NASA's Mars rover Curiosity recently took a quick break from its mountain-climbing work to reflect on its epic Red Planet journey.

About three months ago, the car-size robot captured a series of photos from Vera Rubin Ridge, more than 1,000 feet (300 meters) above the floor of Mars' 96-mile-wide (154 kilometers) Gale Crater. Mission team members have stitched these images into a panorama that shows some of the key regions Curiosity has explored since touching down on the Red Planet in August 2012. [Photos: Spectacular Mars Vistas by NASA's Curiosity]

A view of "Vera Rubin Ridge" provided NASA's Curiosity Mars rover: This is a detailed look back over the area where the rover began its mission inside Gale Crater, and of more-distant features of the crater. The right-eye, telephoto-lens camera of the rover's Mastcam took the component images on Oct. 25, 2017. (Image credit: NASA/JPL-Caltech/MSSS)

"Even though Curiosity has been steadily climbing for five years, this is the first time we could look back and see the whole mission laid out below us," Curiosity project scientist Ashwin Vasavada, of NASA's Jet Propulsion Laboratory in Pasadena, California, said in a statement Tuesday (Jan. 30).

"From our perch on Vera Rubin Ridge, the vast plains of the crater floor stretch out to the spectacular mountain range that forms the northern rim of Gale Crater," Vasavada added.

Climbing "Vera Rubin Ridge," NASA's Mars rover Curiosity captured this view of the interior and rim of Gale Crater. The scene includes much of the rover's route since its 2012 landing as well as features located up to about 50 miles away. The left-eye camera of the rover's Mastcam took the component images Oct. 25, 2017. (Image credit: NASA/JPL-Caltech/MSSS)

Curiosity's landing site is hidden behind a small hill, but "Yellowknife Bay" — the spot where the rover first found evidence that Gale hosted a potentially habitable lake-and-stream system long ago — is visible, mission team members said. So are other important locales, such as "Kimberley" and "Murray Buttes." 

Much of Curiosity's work at such sites involved analyzing samples from the interiors of rocks, which the rover snagged using the rock-boring drill at the end of its robotic arm.

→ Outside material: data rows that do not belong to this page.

Definition single_resource dX dA (tX tA : stype)
  (Phi : 'M[C]_dX -> 'M[C]_dA) : Prop :=
  [/\ linear Phi,
      completely_positive Phi,
      (forall M, \tr (Phi M) = \tr M),
      (tA = TC -> forall xi, density xi ->
         forall i j : 'I_dA, i != j -> Phi xi i j = 0) &
      (tX = TC -> forall i j : 'I_dX, i != j -> Phi (delta_mx i j) = 0)].

Definition resource dX dY dA dB (tX tY tA tB : stype)
  (R : 'M[C]_(dX * dY) -> 'M[C]_(dA * dB)) : Prop :=
  [/\ linear R /\ completely_positive R,
      (forall xi psi, density xi -> density psi -> \tr (R (xi *t psi)) = 1),
      (forall xi xi' psi, density xi -> density xi' -> density psi ->
         ptrA (R (xi *t psi)) = ptrA (R (xi' *t psi))),
      (forall xi psi psi', density xi -> density psi -> density psi' ->
         ptrB (R (xi *t psi)) = ptrB (R (xi *t psi'))) &
      [/\ (tA = TC -> forall xi psi, density xi -> density psi ->
            forall (i j : 'I_dA) (b b' : 'I_dB), i != j ->
              R (xi *t psi) (mxtens_index (i, b)) (mxtens_index (j, b')) = 0),
          (tB = TC -> forall xi psi, density xi -> density psi ->
            forall (a a' : 'I_dA) (i j : 'I_dB), i != j ->
              R (xi *t psi) (mxtens_index (a, i)) (mxtens_index (a', j)) = 0),
          (tX = TC -> forall psi, density psi ->
            forall i j : 'I_dX, i != j -> R (delta_mx i j *t psi) = 0) &
          (tY = TC -> forall xi, density xi ->
            forall i j : 'I_dY, i != j -> R (xi *t delta_mx i j) = 0)]].
(* Let $v\in V$ and suppose that no epistasis to $v$ is weak. If $S\subseteq V$ satisfies $\{s\}\not\Rightarrow v$ for every $s\in S$, then $S'\not\Rightarrow v$ for every $S'\subseteq S$.
   Context: Fix $\ell\ge 1$, loci $V=\{0,\dots,\ell-1\}$, chromosomes $\vec y\in\{0,1\}^V$, and a fitness function $f:\{0,1\}^V\to\mathbb R$ to be maximized. An assignment $A$ is a set of pairs $(v,a)$ ($v\in V$, $a\in\{0,1\}$) with at most one pair per locus; $A[v]=a$ if $(v,a)\in A$, else $A[v]=*$; coverage $\mathcal C(A)=\{v:A[v]\ne *\}$. $\Psi_A$ (constrained optima) is the set of chromosomes agreeing with $A$ on $\mathcal C(A)$ and of maximum fitness among all such chromosomes; $\Psi_A[v]=\{\psi_v:\psi\in\Psi_A\}$. Epistasis: for $v\in V$ and nonempty $S\subseteq V\setminus\{v\}$, $S\Rightarrow v$ iff for every $s\in S$ there exists an assignment $A$ with $\mathcal C(A)=S$ such that $\Psi_A[v]\neq\Psi_{A\setminus\{(s,A[s])\}}[v]$; the empty set is never epistatic to anything. An epistasis $S\Rightarrow v$ with $|S|\ge2$ is weak if no nonempty proper subset $T\subsetneq S$ satisfies $T\Rightarrow v$. *)

From mathcomp Require Import all_boot all_order all_algebra.
From mathcomp Require Import reals.
Set Implicit Arguments. Unset Strict Implicit. Unset Printing Implicit Defensive.
Import Order.TTheory GRing.Theory Num.Theory.
Local Open Scope ring_scope.

(* Loci V = {0,...,l-1} are 'I_l; chromosomes are {ffun 'I_l -> bool}.
   An assignment (at most one pair per locus) is a finite function
   'I_l -> option bool: A v = Some a iff (v,a) \in A, None iff A[v] = *. *)
Definition chrom (l : nat) := {ffun 'I_l -> bool}.
Definition assignment (l : nat) := {ffun 'I_l -> option bool}.

Definition coverage (l : nat) (A : assignment l) : {set 'I_l} :=
  [set v | A v != None].

Definition agrees (l : nat) (A : assignment l) (y : chrom l) : bool :=
  [forall v, if A v is Some a then y v == a else true].

Definition remove_locus (l : nat) (A : assignment l) (s : 'I_l) : assignment l :=
  [ffun v => if v == s then None else A v].

Section Epistasis.
Variables (R : realType) (l : nat) (f : chrom l -> R).

Definition Psi (A : assignment l) : {set chrom l} :=
  [set y | agrees A y && [forall z, agrees A z ==> (f z <= f y)]].

Definition Psi_at (A : assignment l) (v : 'I_l) : {set bool} :=
  [set (y : chrom l) v | y in Psi A].

Definition epistatic (S : {set 'I_l}) (v : 'I_l) : Prop :=
  S != set0 /\ v \notin S /\
  forall s, s \in S -> exists A : assignment l,
    coverage A = S /\ Psi_at A v != Psi_at (remove_locus A s) v.

Definition weak_epistasis (S : {set 'I_l}) (v : 'I_l) : Prop :=
  epistatic S v /\ (2 <= #|S|)%N /\
  forall T : {set 'I_l}, T \proper S -> T != set0 -> ~ epistatic T v.
End Epistasis.

From mathcomp Require Import all_boot all_order all_algebra.
From mathcomp Require Import reals.

(* Induction on #|S|: a nonempty S of size at most one is a singleton, and a
   larger epistatic S all of whose proper nonempty subsets are (inductively)
   not epistatic would be a weak epistasis. *)

Section NoWeakEpistasis.
Variables (R : realType) (l : nat) (f : chrom l -> R) (v : 'I_l).
Hypothesis no_weak : forall S : {set 'I_l}, ~ weak_epistasis f S v.

Lemma not_epistatic_of_singletons (S : {set 'I_l}) :
  (forall s, s \in S -> ~ epistatic f [set s] v) -> ~ epistatic f S v.
Proof.
have [n] := ubnP #|S|; elim: n S => // n IH S ltSn notS1 epiS.
have S_neq0 : S != set0 by case: epiS.
have [leS1 | gtS1] := leqP #|S| 1.
  have /cards1P [s defS] : #|S| == 1%N by rewrite eqn_leq leS1 card_gt0.
  by apply: (notS1 s); rewrite ?defS ?set11 // -defS.
apply: (no_weak S); split=> //; split=> // T ltTS _.
apply: IH => [|s sT]; first exact: leq_trans (proper_card ltTS) _.
by apply: notS1; apply: (subsetP (proper_sub ltTS)).
Qed.

End NoWeakEpistasis.

Theorem proposition6 (R : realType) (l : nat) (f : chrom l -> R) (hl : (0 < l)%N) (v : 'I_l)
  (no_weak : forall S : {set 'I_l}, ~ weak_epistasis f S v)
  (S : {set 'I_l})
  (hS : forall s, s \in S -> ~ epistatic f [set s] v) :
  forall S' : {set 'I_l}, S' \subset S -> ~ epistatic f S' v.
Proof.
move=> S' subS'S; apply: not_epistatic_of_singletons => // s sS'.
exact/hS/(subsetP subS'S).
Qed.
(* Let $m\ge1$, $q=2^m$, let $n$ be odd, and let $L(x)=ax^{2^k}+bx^{2^l}$ with $a,b\in\mathbb F_{q^n}$ and integers $0\le k,l<mn$, such that $L$ is nonzero as a map on $\mathbb F_{q^n}$. Let $d=\gcd(l-k,mn)$ and $s=\gcd(k-1,m)$. (1) If $k\equiv l\pmod m$, then $\mathrm{Tr}(x^{q+1})+L(x)$ is a permutation polynomial of $\mathbb F_{q^n}$ if and only if either (a) $a+b\in\mathbb F_q^*$, $(a+b)^{\frac{q-1}{2^s-1}}\ne1$ and $a^{\frac{q^n-1}{2^d-1}}\ne b^{\frac{q^n-1}{2^d-1}}$; or (b) $a+b=0$, $d=m$ and $\mathrm{Tr}(a^{-1})\ne0$. (2) If $k\not\equiv l\pmod m$ and $l\equiv1\pmod m$, then $\mathrm{Tr}(x^{q+1})+L(x)$ is a permutation polynomial of $\mathbb F_{q^n}$ if and only if $a,b\in\mathbb F_q$, $a^{\frac{q-1}{2^s-1}}\ne(b+1)^{\frac{q-1}{2^s-1}}$, and either $a^{\frac{q^n-1}{2^d-1}}\ne b^{\frac{q^n-1}{2^d-1}}$, or $d$ divides $m$ and $a^{\frac{q-1}{2^d-1}}=b^{\frac{q-1}{2^d-1}}$. (3) In particular, if $b=0$, then $\mathrm{Tr}(x^{q+1})+ax^{2^k}$ is a permutation polynomial of $\mathbb F_{q^n}$ if and only if $a\in\mathbb F_q^*$ and $a^{\frac{q-1}{2^s-1}}\ne1$.
   Context: $\mathrm{Tr}$ denotes the trace map of $\mathbb F_{q^n}$ over $\mathbb F_q$. Polynomials are regarded as maps on $\mathbb F_{q^n}$; a permutation polynomial of a field is one inducing a bijection of that field. *)

From HB Require Import structures.
From mathcomp Require Import all_boot all_order all_algebra all_field.
Set Implicit Arguments. Unset Strict Implicit. Unset Printing Implicit Defensive.
Import GRing.Theory.
Local Open Scope ring_scope.

(* distance |i - j| between natural numbers (so that gcd(l-k, mn) and
   gcd(k-1, m) are computed correctly even when the difference is negative) *)
Definition distn (i j : nat) : nat := (maxn i j - minn i j)%N.

Definition Tr (F : finFieldType) (m n : nat) (y : F) : F :=
  \sum_(i < n) y ^+ ((2 ^ m) ^ i).

Definition inFq (F : finFieldType) (m : nat) (y : F) : bool := y ^+ (2 ^ m) == y.

Definition fmap (F : finFieldType) (m n k l : nat) (a b : F) (x : F) : F :=
  Tr m n (x ^+ (2 ^ m + 1)) + a * x ^+ (2 ^ k) + b * x ^+ (2 ^ l).

Definition is_PP (F : finFieldType) (f : F -> F) : Prop := bijective f.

That drill has been out of commission since December 2016, sidelined by a problem with the motor that pushes the drill bit forward relative to two "stabilizer points" on either side of it. 

This image of the northwestern part of Mars' Gale Crater and terrain north of it, from the European Space Agency's Mars Express orbiter, gives another perspective of some features visible in an October 2017 panorama from NASA's Curiosity Mars rover. (Image credit: ESA/DLR/FU Berlin/NASA/JPL-Caltech)

Curiosity team members have been troubleshooting this issue for more than a year now, and they've come up with a possible solution: using the robotic arm to push the extended bit against a rock, without the use of the stabilizer points. 

Tests of this new method using a Curiosity twin at JPL have been promising, and the mission team aims to try the technique out for real before the rover leaves Vera Rubin Ridge, NASA officials said.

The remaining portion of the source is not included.